Ciao Rrose.  I agree exactly, my first thought as expressed in post 17 - mainly because I could not see any other meaning at the time.  However, it would still be interesting to know what the author intended when he wrote those words.


----------



## Dearson

rrose17 said:


> If you live in an apartment building and a friend comes to visit and presses the bell downstairs for your apartment, you might say on the intercom "One second, I'll ring you up." which means you'll press the buzzer/bell which will allow your friend to pass through the doors and come upstairs. I suppose it's as if by ringing you are lifting that person up. You could just as easily say "I'll ring you in" meaning you're opening the door for them by ringing the bell/pressing the buzzer.



Thank you Rose. In this case, I suggest _Pagò per un’ora, scelse la sua arma e la fecero salire_.


----------



## johngiovanni

Good morning, Dearson.

It turns out you were right first time in post 14.  The author has replied:

"Rung up means to pay for, so in this case she was rung up to pay for the target session. 

Origin is from an old school cash register, where customers' items were rung up on the mechanical machine, one by one."


----------



## Dearson

It still amazes me how words can have so many different meanings in English, JG. I don’t think it’s the same in Italian!


----------



## johngiovanni

I've never studied it in detail, Dearson, but it may have a lot to do with our notorious phrasal verbs.  Sometimes the same sequence of words can mean very different things. So "blow up" can mean "explode" or "inflate", depending on the context.   See Phrasal Verbs List | EnglishClub  and "ring up" / "rung up" can clearly mean different things depending on the context..

So, in the context of this post, we would have had no problems at all with "When the items were rung up on the register, the total came to $20.17.", but some of us had questions about "(_*She*_)...was rung up".

I guess Italian also has its problems.  "Figuriamoci" seems straightforward in some contexts and a bit of a nightmare in others.

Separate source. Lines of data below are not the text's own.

Fixpoint chainL (e : qpath V E) (us : seq (qpath V E)) : bool :=
  match us with
  | [::] => true
  | u :: us' => composable e (prodL u us') && chainL u us'
  end.

Fixpoint prodR (e : qpath V E) (vs : seq (qpath V E)) : qpath V E :=
  match vs with
  | [::] => e
  | v :: vs' => prodR (qcomp v e) vs'
  end.

Fixpoint chainR (e : qpath V E) (vs : seq (qpath V E)) : bool :=
  match vs with
  | [::] => true
  | v :: vs' => composable v e && chainR (qcomp v e) vs'
  end.


(* Left (N-1)-ambiguity: p = u_{-1} u_0 u_1 ... u_{N-1}, where
   e = u_{-1} and us = [:: u_0; ...; u_{N-1}]. *)
Definition leftAmb (N : nat) (p : qpath V E) : Prop :=
  exists (e : qpath V E) (us : seq (qpath V E)),
    size us = N /\ chainL e us /\ p = prodL e us /\
    valid e /\ qlen e = 0 /\
    (0 < N -> qlen (nth e us 0) = 1) /\
    (forall k, k < N -> inB (nth e us k)) /\
    (forall k, k.+1 < N ->
       inI (qcomp (nth e us k) (nth e us k.+1)) /\
       forall q, proper_suffix q (qcomp (nth e us k) (nth e us k.+1)) -> ~ inI q).

(* Right (N-1)-ambiguity: p = v_{N-1} ... v_0 v_{-1}, where
   e = v_{-1} and vs = [:: v_0; ...; v_{N-1}]. *)
Definition rightAmb (N : nat) (p : qpath V E) : Prop :=
  exists (e : qpath V E) (vs : seq (qpath V E)),
    size vs = N /\ chainR e vs /\ p = prodR e vs /\
    valid e /\ qlen e = 0 /\
    (0 < N -> qlen (nth e vs 0) = 1) /\
    (forall k, k < N -> inB (nth e vs k)) /\
    (forall k, k.+1 < N ->
       inI (qcomp (nth e vs k.+1) (nth e vs k)) /\
       forall q, proper_prefix q (qcomp (nth e vs k.+1) (nth e vs k)) -> ~ inI q).

(* Gamma_n (n >= -1, an integer): the n-ambiguities, i.e. paths that are both
   left and right n-ambiguities (the two notions coincide). *)
Definition Gamma (n : int) (p : qpath V E) : Prop :=
  exists N : nat, n = (N%:Z - 1)%R /\ leftAmb N p /\ rightAmb N p.

(* Standing hypotheses: A = kQ/I is a finite-dimensional monomial algebra,
   I generated by (valid) paths of length >= 2. *)
Definition monomial_fd : Prop :=
  (forall r, R r -> valid r /\ 2 <= qlen r) /\
  (exists M : nat, forall p, valid p -> M <= qlen p -> inI p).

End Quiver.

From mathcomp Require Import all_boot all_order all_algebra.
From mathcomp Require Import zify.
Set Implicit Arguments. Unset Strict Implicit. Unset Printing Implicit Defensive.

(* Read a path as the word of its arrows, in the order they are traversed.  A left
   (N-1)-ambiguity p = u_{-1} u_0 ... u_{N-1} becomes a sequence of cuts
   |p| = A 0 > A 1 > ... > A N = 0, the factor u_m occupying the positions
   [A (m+1), A m), and its defining properties make it the greedy chain of relations:
   the relation in u_m u_{m+1} starts exactly at A (m+2), no relation starting later
   ends by A m, and no relation fits between two consecutive cuts.  Hence any other
   chain of relations, each starting at D (k+2) and ending by D k, that starts below a
   cut of p stays below the cuts of p, two steps at a time.  If q2 b q1 a is a factor
   of p, the cuts of q2 (j+1 of them) form such a chain starting at the top of p, so q2
   ends below A (j+1); the chain of q1 starts below that point and so fits into the
   remaining cuts: (i+1) + (j+1) <= n+1. *)

Section Slices.
Variable T : Type.

Definition slice (w : seq T) x y := drop x (take y w).

Lemma size_slice w x y : y <= size w -> size (slice w x y) = y - x.
Proof. by move=> le; rewrite size_drop size_take_min (minn_idPl le). Qed.

Lemma slice_slice w lo hi x y : lo + y <= hi ->
  slice (slice w lo hi) x y = slice w (lo + x) (lo + y).
Proof.
by move=> le; rewrite /slice take_drop take_takel addnC // drop_drop addnC.
Qed.

Lemma slice_cat x y z w : x <= y <= z ->
  slice w x y ++ slice w y z = slice w x z.
Proof.
case/andP=> xy yz; rewrite /slice -(take_takel w yz).
by rewrite -[RHS](cat_take_drop (y - x)) take_drop drop_drop subnK.
Qed.

Lemma slice_cat3 (l1 l2 l3 : seq T) :
  slice (l1 ++ l2 ++ l3) (size l1) (size l1 + size l2) = l2.
Proof. by rewrite /slice takeD take_size_cat // !drop_size_cat // take_size_cat. Qed.

Lemma slice_full w : slice w 0 (size w) = w.
Proof. by rewrite /slice drop0 take_size. Qed.

End Slices.

Section Cuts.
Variable occ : nat -> nat -> Prop.
Hypothesis occ_lt : forall x y, occ x y -> x < y.

Definition chained N (D : nat -> nat) :=
  forall m, m + 2 <= N -> exists2 y, occ (D (m + 2)) y & y <= D m.

(* With [occ x y] read as "a relation occupies the positions [x, y) of a word",
   [ambiguity_cuts N A] is the shape of a left (N-1)-ambiguity u_{-1} u_0 ... u_{N-1}:
   u_m occupies [A m.+1, A m), u_0 is an arrow, u_m u_{m+1} starts with a relation and
   contains none starting later, and u_m contains no relation. *)
Record ambiguity_cuts N (A : nat -> nat) : Prop := {
  cuts_last : A N = 0;
  cuts_first : 0 < N -> A 1 + 1 = A 0;
  cuts_chained : chained N A;
  cuts_minimal : forall m x y, m + 2 <= N -> occ x y -> A (m + 2) < x -> y <= A m -> False;
  cuts_piece : forall m x y, m < N -> occ x y -> A m.+1 <= x -> y <= A m -> False }.

Variables (N : nat) (A : nat -> nat).
Hypothesis A_cuts : ambiguity_cuts N A.

Lemma cuts_decreasing m : m < N -> A m.+1 < A m.
Proof.
case: m => [N0|m mN]; first by have := cuts_first A_cuts N0; lia.
have m2N : m + 2 <= N by rewrite addn2.
have [y oc yA] := cuts_chained A_cuts m2N; rewrite addn2 in oc.
rewrite ltnNge; apply/negP => le.
exact: (cuts_piece A_cuts (ltnW mN) oc le yA).
Qed.
(* Consider the online bipartite matching problem with vertex updates on the right side, and let $\alpha>1$ be a real number such that at every time, $|N_H(A)|\ge\alpha|A|$ for every $A\subseteq L$. Then there is an algorithm for this problem with $O(\log_\alpha n)$-amortized recourse, where $n$ is the size of $L$ at the end.
   Context: Online bipartite matching with vertex updates on the right side: there is a bipartite graph $H=(L\uplus R,E_H)$, initially with $L=E_H=\emptyset$, which changes dynamically through three types of updates: (i) a new vertex is added to $L$ together with its incident edges; (ii) a new vertex is added to $R$ together with its incident edges; (iii) a vertex of $R$ is removed. At all times the algorithm must maintain a matching in $H$ covering all of $L$ (it is promised one exists). The algorithm has amortized recourse $\beta$ if the total number of times vertices of $L$ are (re)assigned to a vertex of $R$ is at most $\beta$ times the number of updates. $N_H(A)$ denotes the set of neighbors in $H$ of the vertices in $A$. *)

From mathcomp Require Import all_boot.
From Stdlib Require Import Reals.

Set Implicit Arguments.
Unset Strict Implicit.
Unset Printing Implicit Defensive.

(* Vertices of L and of R are identified by natural numbers (two separate
   namespaces).  An edge is a pair (v, u) with v in L and u in R. *)

Inductive update : Type :=
| AddL (v : nat) (nbrs : seq nat)
| AddR (u : nat) (nbrs : seq nat)
| DelR (u : nat).

Record graph : Type := Graph {
  Lv : seq nat;
  Rv : seq nat;
  Ev : seq (nat * nat) }.

Definition empty_graph : graph := Graph [::] [::] [::].
(* Let $m\ge 2$ and let $C_1,\dots,C_m\subset\mathbb{R}^n$ be nonempty, closed, convex sets that are pairwise disjoint ($C_i\cap C_j=\varnothing$ for $i\neq j$). Let $C=C_1\times\cdots\times C_m$ and $D(a)=\sum_{i=1}^m\|a_i-a_{i+1}\|$ with $a_{m+1}=a_1$. Then $a^*=(a_1^*,\dots,a_m^* )\in C$ is an optimal solution of $\min_{a\in C}D(a)$ if and only if there exist vectors $n_i\in N_{C_i}(a_i^* )$, $i=1,\dots,m$, such that for each $i=1,\dots,m$ $$\frac{a_i^*-a_{i-1}^*}{\|a_i^*-a_{i-1}^*\|}+\frac{a_i^*-a_{i+1}^*}{\|a_i^*-a_{i+1}^*\|}+n_i=0,$$ with indices cyclic ($a_0^*=a_m^*$, $a_{m+1}^*=a_1^*$). Moreover, in this case $n_1+n_2+\cdots+n_m=0$.
   Context: For a convex set $K\subset\mathbb{R}^n$ and $x\in K$, the normal cone is $N_K(x)=\{v\in\mathbb{R}^n:\langle v,y-x\rangle\le 0\ \forall y\in K\}$. *)

From HB Require Import structures.
From mathcomp Require Import all_boot all_order all_algebra.
From mathcomp Require Import all_classical all_reals all_analysis.
Set Implicit Arguments. Unset Strict Implicit. Unset Printing Implicit Defensive.
Import Order.TTheory GRing.Theory Num.Theory.
Import numFieldNormedType.Exports.
Local Open Scope ring_scope.
Local Open Scope classical_set_scope.

Definition dotv (R : realType) (n : nat) (u v : 'rV[R]_n) : R :=
  \sum_(k < n) u 0 k * v 0 k.

Definition enorm (R : realType) (n : nat) (u : 'rV[R]_n) : R :=
  Num.sqrt (dotv u u).

Definition convex_set_of (R : realType) (n : nat) (K : set 'rV[R]_n) : Prop :=
  forall x y, K x -> K y -> forall t : R, 0 <= t <= 1 ->
    K (t *: x + (1 - t) *: y).

Definition normal_cone (R : realType) (n : nat) (K : set 'rV[R]_n) (x : 'rV[R]_n)
  : set 'rV[R]_n := [set v | forall y, K y -> dotv v (y - x) <= 0].

Definition perim (R : realType) (n m : nat) (a : 'I_m -> 'rV[R]_n) : R :=
  \sum_(i < m) enorm (a i - a (ordS i)).

Definition is_optimal (R : realType) (n m : nat) (Cs : 'I_m -> set 'rV[R]_n)
  (a : 'I_m -> 'rV[R]_n) : Prop :=
  (forall i, Cs i (a i)) /\
  forall b : 'I_m -> 'rV[R]_n, (forall i, Cs i (b i)) -> perim a <= perim b.

Definition opt_cond (R : realType) (n m : nat) (Cs : 'I_m -> set 'rV[R]_n)
  (a nv : 'I_m -> 'rV[R]_n) : Prop :=
  (forall i, normal_cone (Cs i) (a i) (nv i)) /\
  forall i, (enorm (a i - a (ord_pred i)))^-1 *: (a i - a (ord_pred i))
          + (enorm (a i - a (ordS i)))^-1 *: (a i - a (ordS i)) + nv i = 0.

From HB Require Import structures.
From mathcomp Require Import all_boot all_order all_algebra.
From mathcomp Require Import all_classical all_reals all_analysis.
From mathcomp Require Import zify ring lra.
Set Implicit Arguments. Unset Strict Implicit.
Import Order.TTheory GRing.Theory Num.Theory.
Import numFieldNormedType.Exports.
Local Open Scope ring_scope.
Local Open Scope classical_set_scope.

(* Disjointness makes every edge [a_i - a_(i+1)] nonzero, so the perimeter
   D(a + d) = sum ||x_i + (d_i - d_(i+1))|| with x_i := a_i - a_(i+1) is
   squeezed between its linearisation D(a) + sum <g_i, d_i> and the same plus
   a term quadratic in d, where g_i := u_i - u_(i-1) for the unit edges
   u_i := x_i / ||x_i||.  The lower bound shows that -g_i in N_(C_i)(a_i) for
   all i is sufficient for optimality; the upper bound, applied to d = t (y - a_i)
   placed at coordinate i with t -> 0+, shows it is necessary.  The optimality
   system forces n_i = -g_i, and the g_i telescope to 0. *)

Section InnerProduct.
Variables (R : realType) (n : nat).
Implicit Types (u v w x : 'rV[R]_n).

Lemma dotvC u v : dotv u v = dotv v u.
Proof. by apply: eq_bigr => k _; rewrite mulrC. Qed.

Lemma dotvDl u v w : dotv (u + v) w = dotv u w + dotv v w.
Proof. by rewrite /dotv -big_split; apply: eq_bigr => k _; rewrite mxE mulrDl. Qed.

Lemma dotvZl (c : R) u w : dotv (c *: u) w = c * dotv u w.
Proof. by rewrite /dotv mulr_sumr; apply: eq_bigr => k _; rewrite mxE mulrA. Qed.

Lemma dotvNl u w : dotv (- u) w = - dotv u w.
Proof. by rewrite -scaleN1r dotvZl mulN1r. Qed.

Lemma dotvBl u v w : dotv (u - v) w = dotv u w - dotv v w.
Proof. by rewrite dotvDl dotvNl. Qed.

Lemma dotvDr u v w : dotv w (u + v) = dotv w u + dotv w v.
Proof. by rewrite dotvC dotvDl !(dotvC w). Qed.

Lemma dotvZr (c : R) u w : dotv w (c *: u) = c * dotv w u.
Proof. by rewrite dotvC dotvZl dotvC. Qed.

Lemma dotvNr u w : dotv w (- u) = - dotv w u.
Proof. by rewrite dotvC dotvNl dotvC. Qed.

Lemma dotvBr u v w : dotv w (u - v) = dotv w u - dotv w v.
Proof. by rewrite dotvDr dotvNr. Qed.

Lemma dotv0l w : dotv 0 w = 0.
Proof. by rewrite -(scale0r 0) dotvZl mul0r. Qed.

Lemma dotvv_ge0 u : 0 <= dotv u u.
Proof. by apply: sumr_ge0 => k _; rewrite -expr2 sqr_ge0. Qed.

Lemma dotvv_eq0 u : (dotv u u == 0) = (u == 0).
Proof.
apply/idP/eqP => [|->]; last by rewrite dotv0l.
rewrite psumr_eq0 => [/allP u0|k _]; last by rewrite -expr2 sqr_ge0.
apply/matrixP => i k; rewrite ord1 mxE.
by have := u0 k (mem_index_enum k); rewrite /= mulf_eq0 orbb => /eqP.
Qed.

Lemma enorm_ge0 u : 0 <= enorm u.
Proof. exact: sqrtr_ge0. Qed.

Lemma enorm_sqr u : enorm u ^+ 2 = dotv u u.
Proof. by rewrite sqr_sqrtr // dotvv_ge0. Qed.

Lemma enormN u : enorm (- u) = enorm u.
Proof. by rewrite /enorm dotvNl dotvNr opprK. Qed.

Lemma enorm_eq0 u : (enorm u == 0) = (u == 0).
Proof. by rewrite /enorm sqrtr_eq0 le_eqVlt ltNge dotvv_ge0 orbF dotvv_eq0. Qed.

Lemma enorm_gt0 u : (0 < enorm u) = (u != 0).
Proof. by rewrite lt_neqAle enorm_ge0 andbT eq_sym enorm_eq0. Qed.

Lemma dotv_le_enorm u v : dotv u v <= enorm u * enorm v.
Proof.
have [->|u0] := eqVneq u 0; first by rewrite dotv0l mulr_ge0 ?enorm_ge0.
have [->|v0] := eqVneq v 0; first by rewrite dotvC dotv0l mulr_ge0 ?enorm_ge0.
set A := enorm u; set B := enorm v.
have A0 : 0 < A by rewrite enorm_gt0.
have B0 : 0 < B by rewrite enorm_gt0.
have := dotvv_ge0 (B *: u - A *: v).
rewrite !dotvBl !dotvBr !dotvZl !dotvZr (dotvC v u) -!enorm_sqr -/A -/B => uv.
rewrite -(ler_pM2l (mulr_gt0 A0 B0)); nra.
Qed.

Lemma enorm_add_ge x w : x != 0 ->
  enorm x + dotv ((enorm x)^-1 *: x) w <= enorm (x + w).
Proof.
rewrite -enorm_gt0 => x0; rewrite dotvZl.
have := dotv_le_enorm x (x + w); rewrite dotvDr -enorm_sqr => cs.
have -> : enorm x + (enorm x)^-1 * dotv x w = (enorm x ^+ 2 + dotv x w) / enorm x.
  by field; rewrite gt_eqF.
by rewrite ler_pdivrMr // mulrC.
Qed.

(* From [2 p q <= p^2 + q^2] with [p = enorm x], [q = enorm (x + w)]. *)
Lemma enorm_add_le x w : x != 0 ->
  enorm (x + w) <= enorm x + dotv ((enorm x)^-1 *: x) w + dotv w w / (2 * enorm x).
Proof.
rewrite -enorm_gt0 => x0; rewrite dotvZl.
have E : enorm (x + w) ^+ 2 = enorm x ^+ 2 + 2 * dotv x w + dotv w w.
  by rewrite !enorm_sqr !dotvDl !dotvDr (dotvC w x); ring.
have -> : enorm x + (enorm x)^-1 * dotv x w + dotv w w / (2 * enorm x)
    = (enorm x ^+ 2 + enorm (x + w) ^+ 2) / (2 * enorm x).
  by rewrite E; field; rewrite gt_eqF.
rewrite ler_pdivlMr ?mulr_gt0 //.
have := sqr_ge0 (enorm x - enorm (x + w)); rewrite sqrrB; lra.
Qed.

End InnerProduct.

Lemma ge0_limit_scaled (R : realType) (c Q : R) :
  (forall t, 0 < t <= 1 -> 0 <= c + t * Q) -> 0 <= c.
Proof.
move=> cQ; rewrite leNgt; apply/negP => c0.
have normQ := normr_ge0 Q.
set t := - c / (`|Q| - c).
have t0 : 0 < t by apply: divr_gt0; lra.
have t1 : t <= 1 by rewrite ler_pdivrMr; lra.
have c2 : 0 < c ^+ 2 by rewrite exprn_even_gt0 //= lt_eqF.
have pos : 0 < c ^+ 2 / (`|Q| - c) by rewrite divr_gt0 //; lra.
have : c + t * Q <= - (c ^+ 2 / (`|Q| - c)).
  have -> : - (c ^+ 2 / (`|Q| - c)) = c + t * `|Q| by rewrite /t; field; lra.
  by rewrite lerD2l ler_pM2l // ler_norm.
have := cQ t; rewrite t0 t1 /=; lra.
Qed.

Lemma ordS_neq m (i : 'I_m) : (1 < m)%N -> i != ordS i.
Proof.
case: i => i /= im m1; apply/eqP => /(congr1 val) /=.
have [iSm|mSi] := ltnP i.+1 m; first by rewrite modn_small //; lia.
have -> : i.+1 = m by lia.
by rewrite modnn; lia.
Qed.

Section Perimeter.
Variables (R : realType) (n m : nat) (a : 'I_m -> 'rV[R]_n).

Definition edge i := a i - a (ordS i).
Definition unit_edge i := (enorm (edge i))^-1 *: edge i.
Definition perim_grad i := unit_edge i - unit_edge (ord_pred i).

Lemma unit_edge_pred i :
  (enorm (a i - a (ord_pred i)))^-1 *: (a i - a (ord_pred i))
    = - unit_edge (ord_pred i).
Proof.
by rewrite /unit_edge /edge ord_predK -scalerN opprB -[a i - _]opprB enormN.
Qed.

Lemma sum_ord_pred (V : zmodType) (F : 'I_m -> V) :
  \sum_i F (ord_pred i) = \sum_i F i.
Proof. by rewrite [in RHS](reindex_inj (@ord_pred_inj m)). Qed.

Lemma sum_perim_grad : \sum_i perim_grad i = 0.
Proof. by rewrite sumrB sum_ord_pred subrr. Qed.

Lemma sum_dotv_unit_edge (d : 'I_m -> 'rV[R]_n) :
  \sum_i dotv (unit_edge i) (d i - d (ordS i)) = \sum_i dotv (perim_grad i) (d i).
Proof.
under eq_bigr do rewrite dotvBr.
under [in RHS]eq_bigr do rewrite dotvBl.
rewrite !sumrB -(sum_ord_pred (fun i => dotv (unit_edge i) (d (ordS i)))).
by congr (_ - _); apply: eq_bigr => i _; rewrite ord_predK.
Qed.

Lemma perim_translate (d : 'I_m -> 'rV[R]_n) :
  perim (fun i => a i + d i) = \sum_i enorm (edge i + (d i - d (ordS i))).
Proof. by apply: eq_bigr => i _; rewrite /edge opprD addrACA. Qed.

Hypothesis edge_neq0 : forall i, edge i != 0.

Lemma perim_translate_ge (d : 'I_m -> 'rV[R]_n) :
  perim a + \sum_i dotv (perim_grad i) (d i) <= perim (fun i => a i + d i).
Proof.
rewrite perim_translate -sum_dotv_unit_edge /perim -big_split /=.
by apply: ler_sum => i _; exact: enorm_add_ge (edge_neq0 i).
Qed.

Lemma perim_translate_le (d : 'I_m -> 'rV[R]_n) :
  perim (fun i => a i + d i) <= perim a + \sum_i dotv (perim_grad i) (d i)
    + \sum_i dotv (d i - d (ordS i)) (d i - d (ordS i)) / (2 * enorm (edge i)).
Proof.
rewrite perim_translate -sum_dotv_unit_edge /perim -!big_split /=.
by apply: ler_sum => i _; exact: enorm_add_le (edge_neq0 i).
Qed.

Lemma perim_grad_dotv_ge0 (d : 'I_m -> 'rV[R]_n) :
  (forall t, 0 < t <= 1 -> perim a <= perim (fun i => a i + t *: d i)) ->
  0 <= \sum_i dotv (perim_grad i) (d i).
Proof.
move=> le_perim.
set L := \sum_i _.
pose Q := \sum_i dotv (d i - d (ordS i)) (d i - d (ordS i)) / (2 * enorm (edge i)).
apply: (@ge0_limit_scaled _ _ Q) => t /andP[t0 t1].
have := le_trans (le_perim t (andb_true_intro (conj t0 t1)))
  (perim_translate_le (fun i => t *: d i)).
rewrite (_ : \sum_i _ = t * L); last first.
  by rewrite /L mulr_sumr; apply: eq_bigr => i _; rewrite dotvZr.
rewrite (_ : \sum_i _ = t ^+ 2 * Q); last first.
  rewrite /Q mulr_sumr; apply: eq_bigr => i _.
  by rewrite -scalerBr dotvZl dotvZr mulrA -expr2 mulrA.
move=> ineq; rewrite -(pmulr_rge0 _ t0) mulrDr mulrA -expr2; lra.
Qed.

Section Constraints.
Variable Cs : 'I_m -> set 'rV[R]_n.
Hypothesis aC : forall i, Cs i (a i).

Lemma opt_cond_normalE nv : opt_cond Cs a nv -> forall i, nv i = - perim_grad i.
Proof.
move=> [_ eq_opt] i; apply/eqP; rewrite -addr_eq0 addrC -(eq_opt i).
by rewrite unit_edge_pred (addrC (- _)).
Qed.

Lemma opt_cond_perim_grad :
  (forall i, normal_cone (Cs i) (a i) (- perim_grad i)) ->
  opt_cond Cs a (fun i => - perim_grad i).
Proof.
split=> // i.
by rewrite unit_edge_pred -/(unit_edge i) (addrC (- _)) subrr.
Qed.

Lemma optimal_of_perim_grad_normal :
  (forall i, normal_cone (Cs i) (a i) (- perim_grad i)) -> is_optimal Cs a.
Proof.
move=> normal; split=> // b bC.
have := perim_translate_ge (fun i => b i - a i).
rewrite (_ : (fun i => _) = b); last by apply/funext => i; rewrite addrC subrK.
apply: le_trans; rewrite lerDl; apply: sumr_ge0 => i _.
by rewrite -oppr_le0 -dotvNl; apply: normal.
Qed.

Hypothesis Cs_convex : forall i, convex_set_of (Cs i).

Lemma perim_grad_normal_of_optimal i :
  is_optimal Cs a -> normal_cone (Cs i) (a i) (- perim_grad i).
Proof.
move=> [_ opt] y yC; rewrite dotvNl oppr_le0.
pose d j := if j == i then y - a i else 0.
have := perim_grad_dotv_ge0 (d := d).
rewrite (bigD1 i) //= big1 => [|j /negbTE ji]; last by rewrite /d ji dotvC dotv0l.
rewrite addr0 /d eqxx; apply=> t t01; apply: opt => j.
rewrite /d; case: eqP => [->|_]; last by rewrite scaler0 addr0.
have -> : a i + t *: (y - a i) = t *: y + (1 - t) *: a i.
  by rewrite scalerBr scalerBl scale1r addrCA addrA.
by apply: Cs_convex => //; case/andP: t01 => /ltW -> ->.
Qed.

End Constraints.
End Perimeter.

Theorem mainTheorem5 (R : realType) (n m : nat) (Cs : 'I_m -> set 'rV[R]_n)
  (a : 'I_m -> 'rV[R]_n) :
  (2 <= m)%N ->
  (forall i, Cs i !=set0) ->
  (forall i, closed (Cs i)) ->
  (forall i, convex_set_of (Cs i)) ->
  (forall i j, i != j -> Cs i `&` Cs j = set0) ->
  (forall i, Cs i (a i)) ->
  (is_optimal Cs a <-> exists nv, opt_cond Cs a nv) /\
  (forall nv, opt_cond Cs a nv -> \sum_(i < m) nv i = 0).
Proof.
move=> m2 _ _ cvx disj aC.
have edge_neq0 i : edge a i != 0.
  rewrite subr_eq0; apply/eqP => ai.
  have : (Cs i `&` Cs (ordS i)) (a i) by split; rewrite // ai.
  by rewrite disj // ordS_neq.
split; last first.
  move=> nv opt; under eq_bigr do rewrite (opt_cond_normalE opt).
  by rewrite sumrN sum_perim_grad oppr0.
split=> [opt|[nv opt]].
- exists (fun i => - perim_grad a i); apply: opt_cond_perim_grad => // i.
  exact: perim_grad_normal_of_optimal.
- apply: optimal_of_perim_grad_normal => // i.
  by rewrite -(opt_cond_normalE opt); case: opt.
Qed.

Still, it's a nice world when a successful author on the other side of the Atlantic can take the trouble to reply to an email from someone he's never met.


----------



## Tellure

johngiovanni said:


> I've never studied it in detail, Dearson, but it may have a lot to do with our notorious phrasal verbs.  Sometimes the same sequence of words can mean very different things. So "blow up" can mean "explode" or "inflate", depending on the context.   See Phrasal Verbs List | EnglishClub  and "ring up" / "rung up" can clearly mean different things depending on the context..
> 
> So, in the context of this post, we would have had no problems at all with "When the items were rung up on the register, the total came to $20.17.", but some of us had questions about "(_*She*_)...was rung up".
> 
> I guess Italian also has its problems.  "Figuriamoci" seems straightforward in some contexts and a bit of a nightmare in others. *Verissimo*.
> 
> Still, it's a nice world when a successful author on the other side of the Atlantic can take the trouble to reply to an email from someone he's never met. *Incredibile! Bravo tu ad averci creduto e provato! *


----------